The present study aims to address this knowledge gap by providing the first detailed analysis of the overlap between HFSS foods and UPFs in the UK diet. The study leveraged a massive dataset comprising 11 annual waves of nationwide nutrition data from the UK National Diet and Nutrition Survey (NDNS; 2008-2019).

Data of interest includes nutrient intake, overall food consumption, and nutritional status. The present study used data from 15,655 individuals, with participant- or parent/guardian-reported food items classified into:

1. HFSS (using the UK’s official 2004/2005 NPM)
2. UPF (classified using the NOVA classification system)

Notably, NPM-based HFSS classification involves scoring foods based on their energy, saturated fat, sugar, and sodium content, balanced against beneficial components like fruits, vegetables, fiber, and protein. In contrast, NOVA classifies foods by degree of industrial processing (not by a nutrient score).

Comparative analyses between HFSSs and UPFs were conducted using three independent metrics:

1. Proportion of food items (food-level analysis)
2. Percentage of total energy intake (in kilocalories)
3. Percentage of total food weight (in grams)

Study findings

The present study reveals a substantial but far from complete overlap between NPM-based HFSS and NOVA-based UPF classifications. When comparing participants’ total energy consumption, statistical analyses found that UPFs comprised 59.8% while HFSSs comprised only 47.4%. Under this metric, UPF and HFSS classification overlapped 58.7%, highlighting that the UK’s current HFSS-based policies do not capture over 40% of UPF-derived calories.

By weight, the overlap was even smaller, with only 38.3% of the grams of UPFs also classified as HFSS, reflecting the exclusion of many high-volume but low-calorie products such as artificially sweetened beverages. Person-level estimates show UPF energy shares highest in ages 11–18 (~65%) and modest male > female differences.

Study findings were even more bleak across other evaluated metrics – Under the lens of proportion of food items consumed, 44.4% of UPF products were not categorized or regulated under the UK’s HFSS policy, with low-calorie soft drinks and white bread notably excluded from regulation.
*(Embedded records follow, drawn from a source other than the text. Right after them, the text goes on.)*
(* Call vertices p, q dependent if p = q or they are not adjacent.  Two
   reduced words represent the same element of A(Gamma) iff, for every
   dependent pair {p, q}, they have the same projection onto the letters over
   p and q: left multiplication by a letter on reduced words respects these
   projections.  This solves the word problem, identifies the geodesics with
   the reduced words, and shows that equal reduced words differ only by
   commutations.  For a reduced word, f_i counts the letters after position i
   that cannot be commuted to the left past s_i.  A canonical expression is
   built greedily: among the letters that can be brought to the front, take
   one with the largest f, and among those the one over the smallest vertex.
   Two distinct canonical words for the same element would each start with a
   letter that occurs later in the other with the same f, and (B) compares
   their vertices both ways. *)

Section RightAngledArtinGroup.
Variables (n : nat) (e : rel 'I_n).
Hypotheses (e_sym : symmetric e) (e_irr : irreflexive e).
Implicit Types (x y z : letter n) (u v w c Q R T : word n) (p q a b : 'I_n)
  (D : seq 'I_n).

Definition dep a b := (a == b) || ~~ e a b.

Lemma inv_letterK : involutive (@inv_letter n).
Proof. by case=> a s; rewrite /inv_letter /= negbK. Qed.

Lemma dep_sym a b : dep a b = dep b a.
Proof. by rewrite /dep eq_sym e_sym. Qed.

Lemma dep_refl a : dep a a.
Proof. by rewrite /dep eqxx. Qed.

Lemma edge_neq a b : e a b -> a != b.
Proof. by apply: contraTneq => ->; rewrite e_irr. Qed.

Lemma edge_ndep a b : e a b -> dep a b = false.
Proof. by move=> hab; rewrite /dep hab (negbTE (edge_neq hab)). Qed.

Lemma ndep_edge a b : dep a b = false -> e a b.
Proof. by rewrite /dep; case/norP => _ /negbNE. Qed.

Lemma edge_notin_pair p q a b : dep p q -> (a == p) || (a == q) -> e a b ->
  ((b == p) || (b == q)) = false.
Proof.
move=> hpq ha hab; apply: contraTF hab => hb.
case/orP: ha => /eqP ->; case/orP: hb => /eqP ->; rewrite ?e_irr // ?[e q p]e_sym;
  by move: hpq; rewrite /dep; case: eqP => [->|_] /=; rewrite ?e_irr.
Qed.

Lemma dep_pair p q a b : dep p q -> (a == p) || (a == q) -> (b == p) || (b == q) ->
  dep a b.
Proof.
by move=> h; case/orP => /eqP ->; case/orP => /eqP ->; rewrite ?dep_refl // dep_sym.
Qed.

(** * Reduced words and the word problem *)

Fixpoint lmul x w : word n :=
  if w is y :: w' then
    if y == inv_letter x then w'
    else if e x.1 y.1 then y :: lmul x w' else x :: w
  else [:: x].

Fixpoint cancels x w : bool :=
  if w is y :: w' then (y == inv_letter x) || e x.1 y.1 && cancels x w'
  else false.

Fixpoint reduced w : bool :=
  if w is x :: w' then ~~ cancels x w' && reduced w' else true.

Definition nf w := foldr lmul [::] w.

Definition proj p q w := [seq l <- w | (l.1 == p) || (l.1 == q)].

Definition proj_eq u v := forall p q, dep p q -> proj p q u = proj p q v.

Lemma proj_eq_sym u v : proj_eq u v -> proj_eq v u.
Proof. by move=> h p q hpq; rewrite h. Qed.

Lemma proj_eq_trans u v w : proj_eq u v -> proj_eq v w -> proj_eq u w.
Proof. by move=> h1 h2 p q hpq; rewrite h1 ?h2. Qed.

Lemma proj_eq_cons z u v : proj_eq u v -> proj_eq (z :: u) (z :: v).
Proof. by move=> h p q hpq; rewrite /proj /= -!/(proj p q _) h. Qed.

Lemma proj_eq_consK z u v : proj_eq (z :: u) (z :: v) -> proj_eq u v.
Proof.
move=> h p q hpq; move: (h p q hpq); rewrite /proj /= -!/(proj p q _).
by case: ifP => // _ [].
Qed.

Lemma proj_eq_catl s u v : proj_eq u v -> proj_eq (s ++ u) (s ++ v).
Proof. by move=> h p q hpq; rewrite /proj !filter_cat -!/(proj p q _) h. Qed.

Lemma proj_eq_nil v : proj_eq [::] v -> v = [::].
Proof. by case: v => // z v /(_ z.1 z.1 (dep_refl _)); rewrite /proj /= eqxx. Qed.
Other prominent excluded items included brown and wholemeal bread and high-fiber breakfast cereals, highlighting a key limitation of the current NPM – it fails to account for industrial additives like non-nutritive sweeteners and emulsifiers. Ironically, the study found that many foods that were classified as HFSS (and hence regulated) but not UPF were traditional, less-processed products high in fat or sugar, such as cheese, butter, whole milk, and sugars/preserves.

Conclusions

The present study is the first to investigate whether the UK’s HFSS-based policies can account for the recent rise of UPFs. It demonstrates that while there is considerable overlap between HFSS foods and UPFs (~50-60%), the UK’s current nutrient profiling model fails to identify and regulate a large and vital segment of the ultra-processed foods that dominate its national diet.
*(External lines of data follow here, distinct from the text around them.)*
(* In the setting described in the context, suppose there is an integer $\omega>0$ such that for every $k$ and every $\nu>0$, $k\in\mathcal A_\nu\cup\mathcal A_{\nu-1}\cup\cdots\cup\mathcal A_{\max\{\nu-\omega+1,0\}}$, and such that for every $\phi>0$ and $k\in\mathcal A_\phi$, $\max\{\phi-\omega,0\}\le\bar\phi_k<\phi$. Then for every $\nu\ge1$, $$\sum_{\phi=1}^{\nu}\sum_{k\in\mathcal A_\phi}\|z_k^{\bar\phi_k+1}-z_k^{\phi}\|^2\le 2(\omega-1)^2\sum_{\phi=1}^{\nu}\|z^{\phi+1}-z^{\phi}\|^2.$$
   Context: There are $K$ workers. $\mathcal N_k$ is the set of neighbors of worker $k$ and $\mathcal T$ the set of pairs of neighboring workers. Worker $k$ owns $x_k$, an auxiliary variable $z_k=\{z_{k,l}:l\in\mathcal N_k\}$ and multipliers $\lambda_k$ split into blocks $\lambda_{k,l}$; $A_k$ is a matrix and $A_{k,l}$ the block of rows of $A_k$ corresponding to $z_{k,l}$; $z$ denotes the collection of all $z_k$. $F_k=f_k+\eta_{\mathcal X_k}$ with $\eta_S$ the indicator function of $S$. $\mathcal Z=\{z:z_{k,l}=z_{l,k}\ \forall(k,l)\in\mathcal T\}$. Asynchronous ADMM (global view) with parameters $\rho>0$, $\alpha\ge0$: start from $x^0$, $\lambda^0=0$, $z^0\in\mathcal Z$. At global iteration $\phi$ there is a subset $\mathcal A_\phi\subseteq\{1,\dots,K\}$ of workers finishing an $x$-update, and for $k\in\mathcal A_\phi$ an index $\bar\phi_k<\phi$ (the global iteration at which that update started). For $k\in\mathcal A_\phi$: $x_k^{\phi+1}\in\operatorname{argmin}_{x_k}F_k(x_k)+\lambda_k^{\phi\top}A_kx_k+\frac\rho2\|A_kx_k-z_k^{\bar\phi_k+1}\|^2$ and $\lambda_k^{\phi+1}=\lambda_k^\phi+\rho(A_kx_k^{\phi+1}-z_k^{\bar\phi_k+1})$; for $k\notin\mathcal A_\phi$ they are unchanged. For a set $\mathcal E_\phi$ of ordered neighbor pairs $(l,k)$, and all $k\in\mathcal A_\phi$, $l\in\mathcal N_k$ with $(l,k)\in\mathcal E_\phi$: $z_{k,l}^{\phi+1}=z_{l,k}^{\phi+1}=\big(\lambda_{k,l}^{\phi+1}+\lambda_{l,k}^{\phi+1}+\rho A_{k,l}x_k^{\phi+1}+\rho A_{l,k}x_l^{\phi+1}+\alpha z_{k,l}^\phi\big)/(2\rho+\alpha)$; all other entries of $z$ are unchanged. *)

From HB Require Import structures.
From mathcomp Require Import all_boot all_order all_algebra.
Set Implicit Arguments. Unset Strict Implicit. Unset Printing Implicit Defensive.
Import Order.TTheory GRing.Theory Num.Theory.
Local Open Scope ring_scope.

Definition dotv (R : realFieldType) (p : nat) (u v : 'cV[R]_p) : R :=
  \sum_(i < p) u i 0 * v i 0.
Definition sqn (R : realFieldType) (p : nat) (v : 'cV[R]_p) : R := dotv v v.

(* Worker k has
   x_k : 'cV_(n k); the block z_{k,l}, lambda_{k,l} (l a neighbor of k) lives in
   'cV_(m k l), with m k l = m l k (hm) so that the consensus z_{k,l} = z_{l,k}
   makes sense (via castmx).  A_{k,l} : 'M_(m k l, n k) is the block of rows of
   A_k corresponding to z_{k,l}; so A_k x_k, lambda_k^T A_k x_k and
   ||A_k x_k - z_k||^2 are written blockwise as sums over l in N_k. *)
Section ADMM.
Variables (R : realFieldType) (K : nat) (n : 'I_K -> nat)
  (m : 'I_K -> 'I_K -> nat) (hm : forall k l, m l k = m k l)
  (N : rel 'I_K) (Amat : forall k l, 'M[R]_(m k l, n k)).

Definition swapv (k l : 'I_K) (v : 'cV[R]_(m l k)) : 'cV[R]_(m k l) :=
  castmx (hm k l, erefl 1%N) v.

Definition in_Z (z : forall k l : 'I_K, 'cV[R]_(m k l)) : Prop :=
  forall k l, N k l -> z k l = swapv (z l k).

Definition sqn_blocks (k : 'I_K) (u : forall l : 'I_K, 'cV[R]_(m k l)) : R :=
  \sum_(l | N k l) sqn (u l).

Definition sqn_diff (z1 z2 : forall k l : 'I_K, 'cV[R]_(m k l)) : R :=
  \sum_(k : 'I_K) sqn_blocks (fun l => z1 k l - z2 k l).

(* The x_k-subproblem objective
   F_k(y) + lambda_k^T A_k y + rho/2 ||A_k y - zk||^2 with F_k = f_k + indicator X_k
   (the indicator is handled by restricting to y in X_k). *)
Definition xobj (f : forall k, 'cV[R]_(n k) -> R) (rho : R) (k : 'I_K)
  (lamk zk : forall l : 'I_K, 'cV[R]_(m k l)) (y : 'cV[R]_(n k)) : R :=
  f k y + \sum_(l | N k l) dotv (lamk l) (Amat k l *m y)
  + rho / 2 * \sum_(l | N k l) sqn (Amat k l *m y - zk l).

Definition is_argminF (f : forall k, 'cV[R]_(n k) -> R)
  (X : forall k, pred 'cV[R]_(n k)) (rho : R) (k : 'I_K)
  (lamk zk : forall l : 'I_K, 'cV[R]_(m k l)) (xk : 'cV[R]_(n k)) : Prop :=
  X k xk /\ forall y, X k y -> xobj f rho lamk zk xk <= xobj f rho lamk zk y.

(* One run of the asynchronous ADMM (global view).
   Aset phi = A_phi, phibar phi k = \bar phi_k (for k in A_phi),
   E phi l k = ((l,k) \in E_phi). *)
Definition async_admm_run (f : forall k, 'cV[R]_(n k) -> R)
  (X : forall k, pred 'cV[R]_(n k)) (rho alpha : R)
  (Aset : nat -> {set 'I_K}) (phibar : nat -> 'I_K -> nat)
  (E : nat -> rel 'I_K)
  (x : nat -> forall k : 'I_K, 'cV[R]_(n k))
  (lam z : nat -> forall k l : 'I_K, 'cV[R]_(m k l)) : Prop :=
  (0 < rho /\ 0 <= alpha) /\
      (forall k l, N k l = N l k) /\
      (forall k l, N k l -> lam 0%N k l = 0) /\ in_Z (z 0%N) /\
      (forall phi k, k \in Aset phi -> (phibar phi k < phi)%N) /\
      (forall phi k, k \in Aset phi ->
         is_argminF f X rho (lam phi k) (z (phibar phi k).+1 k) (x phi.+1 k)
         /\ forall l, N k l -> lam phi.+1 k l =
              lam phi k l + rho *: (Amat k l *m x phi.+1 k - z (phibar phi k).+1 k l)) /\
      (forall phi k, k \notin Aset phi ->
         x phi.+1 k = x phi k /\ forall l, N k l -> lam phi.+1 k l = lam phi k l) /\
      (forall phi k l, N k l ->
         ((k \in Aset phi) && E phi l k ->
               let w := (2 * rho + alpha)^-1 *:
                  (lam phi.+1 k l + swapv (lam phi.+1 l k)
                   + rho *: (Amat k l *m x phi.+1 k)
                   + rho *: swapv (Amat l k *m x phi.+1 l)
                   + alpha *: z phi k l) in
               z phi.+1 k l = w /\ z phi.+1 l k = swapv w)
         /\ (~~ (((k \in Aset phi) && E phi l k) || ((l \in Aset phi) && E phi k l)) ->
               z phi.+1 k l = z phi k l)).

End ADMM.

From HB Require Import structures.
From mathcomp Require Import all_boot all_order all_algebra.
From mathcomp Require Import zify lra.
Import Order.TTheory GRing.Theory Num.Theory.
Local Open Scope ring_scope.

(* For a worker active at phi, z_k^(phibar+1) - z_k^phi telescopes over the at
   most omega - 1 increments z^(j+1) - z^j with phi - omega < j < phi, so by
   Cauchy-Schwarz its squared norm is at most (omega - 1) times the sum of their
   squared norms.  Summing over phi, each increment j lies in the window of at
   most omega - 1 iterations phi, which gives the constant (omega - 1)^2; the
   factor 2 of the statement is slack. *)

Lemma sqr_sum_le {R : realFieldType} {I : Type} (r : seq I) (a : I -> R) :
  (\sum_(i <- r) a i) ^+ 2 <= (size r)%:R * \sum_(i <- r) a i ^+ 2.
Proof.
elim: r => [|x r IH]; first by rewrite !big_nil mul0r expr0n.
rewrite !big_cons; case: r IH => [|y r] IH; first by rewrite !big_nil !addr0 mul1r.
set S := \sum_(i <- _) a i in IH *; set T := \sum_(i <- _) a i ^+ 2 in IH *.
set n := (size (y :: r))%:R in IH *.
have n_gt0 : 0 < n by rewrite ltr0n.
have -> : (size [:: x, y & r])%:R = n + 1 :> R by rewrite -natr1.
suff : 0 <= n * ((n + 1) * (a x ^+ 2 + T) - (a x + S) ^+ 2).
  by rewrite pmulr_rge0 // subr_ge0.
(* Given S^2 <= n T, the bracket times n is at least (n a_x - S)^2. *)
have := sqr_ge0 (n * a x - S); nra.
Qed.

Lemma sqn_ge0 {R : realFieldType} {p : nat} (v : 'cV[R]_p) : 0 <= sqn v.
Proof. by rewrite sumr_ge0 // => i _; rewrite -expr2 sqr_ge0. Qed.

Lemma sqnN {R : realFieldType} {p : nat} (v : 'cV[R]_p) : sqn (- v) = sqn v.
Proof. by apply: eq_bigr => i _; rewrite !mxE mulrNN. Qed.

Lemma sqn_sum_le {R : realFieldType} {p : nat} {I : Type} (r : seq I)
    (v : I -> 'cV[R]_p) :
  sqn (\sum_(i <- r) v i) <= (size r)%:R * \sum_(i <- r) sqn (v i).
Proof.
rewrite /sqn /dotv; under eq_bigr do rewrite summxE -expr2.
rewrite exchange_big mulr_sumr /=; apply: ler_sum => c _.
under [X in _ <= _ * X]eq_bigr do rewrite -expr2.
exact: sqr_sum_le.
Qed.

Lemma sqn_sub_le_telescope {R : realFieldType} {p : nat} (v : nat -> 'cV[R]_p)
    {i j : nat} :
  (i <= j)%N -> sqn (v i - v j) <= (j - i)%:R * \sum_(i <= t < j) sqn (v t.+1 - v t).
Proof.
move=> le_ij; rewrite -opprB -(telescope_sumr v le_ij) sqnN.
by apply: le_trans (sqn_sum_le _ _) _; rewrite size_iota.
Qed.

Lemma ler_sum_nat_sub {R : numDomainType} (a b c d : nat) (P Q : pred nat)
    (F : nat -> R) :
  (forall i, 0 <= F i) ->
  (forall i, (a <= i < b)%N -> P i -> [&& (c <= i)%N, (i < d)%N & Q i]) ->
  \sum_(a <= i < b | P i) F i <= \sum_(c <= i < d | Q i) F i.
Proof.
move=> F_ge0 PQ.
rewrite (big_nat_widenl a 0) // (big_nat_widen 0 b (b + d)) ?leq_addr //.
rewrite [leRHS](big_nat_widenl c 0) // [leRHS](big_nat_widen 0 d (b + d)) ?leq_addl //.
rewrite big_mkcond [leRHS]big_mkcond /=; apply: ler_sum_nat => i _.
case: ifP => [/andP[/andP[Pi le_ai] lt_ib]|_]; last by case: ifP.
by have /and3P[-> -> ->] := PQ i (introT andP (conj le_ai lt_ib)) Pi.
Qed.

Lemma sqn_sub_le_window {R : realFieldType} {p : nat} (v : nat -> 'cV[R]_p)
    (w a b i phi : nat) :
  (a <= i)%N -> (i <= phi <= i + w)%N -> (phi <= b)%N ->
  sqn (v i - v phi)
    <= w%:R * \sum_(a <= j < b | (j < phi <= j + w)%N) sqn (v j.+1 - v j).
Proof.
move=> le_ai /andP[le_i_phi le_phi_iw] le_phi_b.
apply: le_trans (sqn_sub_le_telescope v le_i_phi) _.
apply: ler_pM.
- by rewrite ler0n.
- by rewrite sumr_ge0 // => j _; exact: sqn_ge0.
- by rewrite ler_nat; lia.
- by apply: ler_sum_nat_sub => [j|j /andP[] *]; [exact: sqn_ge0 | lia].
Qed.

Lemma sum_window_le {R : numDomainType} (F : nat -> R) (w a b : nat) :
  (forall j, 0 <= F j) ->
  \sum_(a <= i < b) \sum_(a <= j < b | (j < i <= j + w)%N) F j
    <= w%:R * \sum_(a <= j < b) F j.
Proof.
move=> F_ge0; under eq_bigr do rewrite big_mkcond.
rewrite exchange_big mulr_sumr /=; under eq_bigr do rewrite -big_mkcond.
apply: ler_sum_nat => j _.
apply: le_trans (_ : \sum_(j.+1 <= i < (j + w).+1) F j <= _).
  by apply: ler_sum_nat_sub => // i _; lia.
by rewrite sumr_const_nat subSS addKn mulr_natl.
Qed.

Section Blocks.
Context {R : realFieldType} {K : nat} {m : 'I_K -> 'I_K -> nat} (N : rel 'I_K).

Lemma sqn_diff_ge0 (z1 z2 : forall k l : 'I_K, 'cV[R]_(m k l)) :
  0 <= sqn_diff N z1 z2.
Proof. by rewrite !sumr_ge0 // => k _; rewrite sumr_ge0 // => l _; exact: sqn_ge0. Qed.

Lemma sum_sqn_blocks_delayed_le (z : nat -> forall k l : 'I_K, 'cV[R]_(m k l))
    (A : {set 'I_K}) (t : 'I_K -> nat) (w a b phi : nat) :
  (forall k, k \in A -> (a <= t k)%N /\ (t k <= phi <= t k + w)%N) ->
  (phi <= b)%N ->
  \sum_(k in A) sqn_blocks N (fun l => z (t k) k l - z phi k l)
    <= w%:R * \sum_(a <= j < b | (j < phi <= j + w)%N) sqn_diff N (z j.+1) (z j).
Proof.
move=> t_window le_phi_b.
pose bound k l :=
  w%:R * \sum_(a <= j < b | (j < phi <= j + w)%N) sqn (z j.+1 k l - z j k l).
have bound_ge0 k l : 0 <= bound k l.
  by rewrite mulr_ge0 ?ler0n ?sumr_ge0 // => j _; exact: sqn_ge0.
apply: (@le_trans _ _ (\sum_(k in A) \sum_(l | N k l) bound k l)).
  apply: ler_sum => k /t_window[le_at t_phi]; apply: ler_sum => l _.
  exact: sqn_sub_le_window.
apply: (@le_trans _ _ (\sum_k \sum_(l | N k l) bound k l)).
  rewrite [leRHS](bigID (mem A)) /= lerDl.
  by rewrite sumr_ge0 // => k _; rewrite sumr_ge0.
rewrite /bound; under eq_bigr do rewrite -mulr_sumr.
rewrite -mulr_sumr ler_wpM2l ?ler0n // le_eqVlt; apply/predU1P; left.
rewrite /sqn_diff /sqn_blocks [RHS]exchange_big /=; apply: eq_bigr => k _.
by rewrite [RHS]exchange_big.
Qed.

End Blocks.

Theorem lemma2 (R : realFieldType) (K : nat) (n : 'I_K -> nat)
  (m : 'I_K -> 'I_K -> nat) (hm : forall k l, m l k = m k l)
  (N : rel 'I_K) (Amat : forall k l, 'M[R]_(m k l, n k))
  (f : forall k, 'cV[R]_(n k) -> R) (X : forall k, pred 'cV[R]_(n k))
  (rho alpha : R) (Aset : nat -> {set 'I_K}) (phibar : nat -> 'I_K -> nat)
  (E : nat -> rel 'I_K) (x : nat -> forall k : 'I_K, 'cV[R]_(n k))
  (lam z : nat -> forall k l : 'I_K, 'cV[R]_(m k l))
  (run : async_admm_run hm N Amat f X rho alpha Aset phibar E x lam z)
  (omega : nat) (homega : (0 < omega)%N)
  (hact : forall (k : 'I_K) (nu : nat), (0 < nu)%N ->
     exists phi : nat, (nu.+1 - omega <= phi <= nu)%N /\ k \in Aset phi)
  (hdelay : forall (phi : nat) (k : 'I_K), (0 < phi)%N -> k \in Aset phi ->
     (phi - omega <= phibar phi k < phi)%N)
  (nu : nat) (hnu : (1 <= nu)%N) :
  \sum_(1 <= phi < nu.+1) \sum_(k in Aset phi)
      sqn_blocks N (fun l => z (phibar phi k).+1 k l - z phi k l)
  <= 2 * ((omega - 1)%:R) ^+ 2 *
     \sum_(1 <= phi < nu.+1) sqn_diff N (z phi.+1) (z phi).
Proof.
set w := (omega - 1)%N.
pose D j := sqn_diff N (z j.+1) (z j).
pose W phi := \sum_(1 <= j < nu.+1 | (j < phi <= j + w)%N) D j.
have D_ge0 j : 0 <= D j by exact: sqn_diff_ge0.
have delayed_le phi : (1 <= phi < nu.+1)%N ->
    \sum_(k in Aset phi) sqn_blocks N (fun l => z (phibar phi k).+1 k l - z phi k l)
    <= w%:R * W phi.
  move=> /andP[phi_gt0 lt_phi_nu].
  apply: sum_sqn_blocks_delayed_le => [k kA|]; last by lia.
  by have := hdelay phi k phi_gt0 kA; rewrite /w; lia.
apply: le_trans (_ : _ <= \sum_(1 <= phi < nu.+1) w%:R * W phi) _.
  exact: ler_sum_nat.
rewrite -mulr_sumr.
apply: le_trans (ler_wpM2l (ler0n _ w) (sum_window_le D w 1 nu.+1 D_ge0)) _.
rewrite mulrA -expr2 ler_wpM2r ?sumr_ge0 //.
by have := sqr_ge0 (w%:R : R); lra.
Qed.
Relying solely on an HFSS-based approach means that policies aimed at improving public health are missing a substantial (>40%) portion of the suboptimal nutrition problem. The authors emphasise that causality for UPF harms is not established and call for an environmental impact assessment.

They also suggest that future strategies could include “deformulation”, removing non-nutritive additives such as sweeteners and emulsifiers, and note potential environmental trade-offs for certain plant-based UPFs.

This research provides critical evidence for a more nuanced and practical approach to public health nutrition policy in the UK.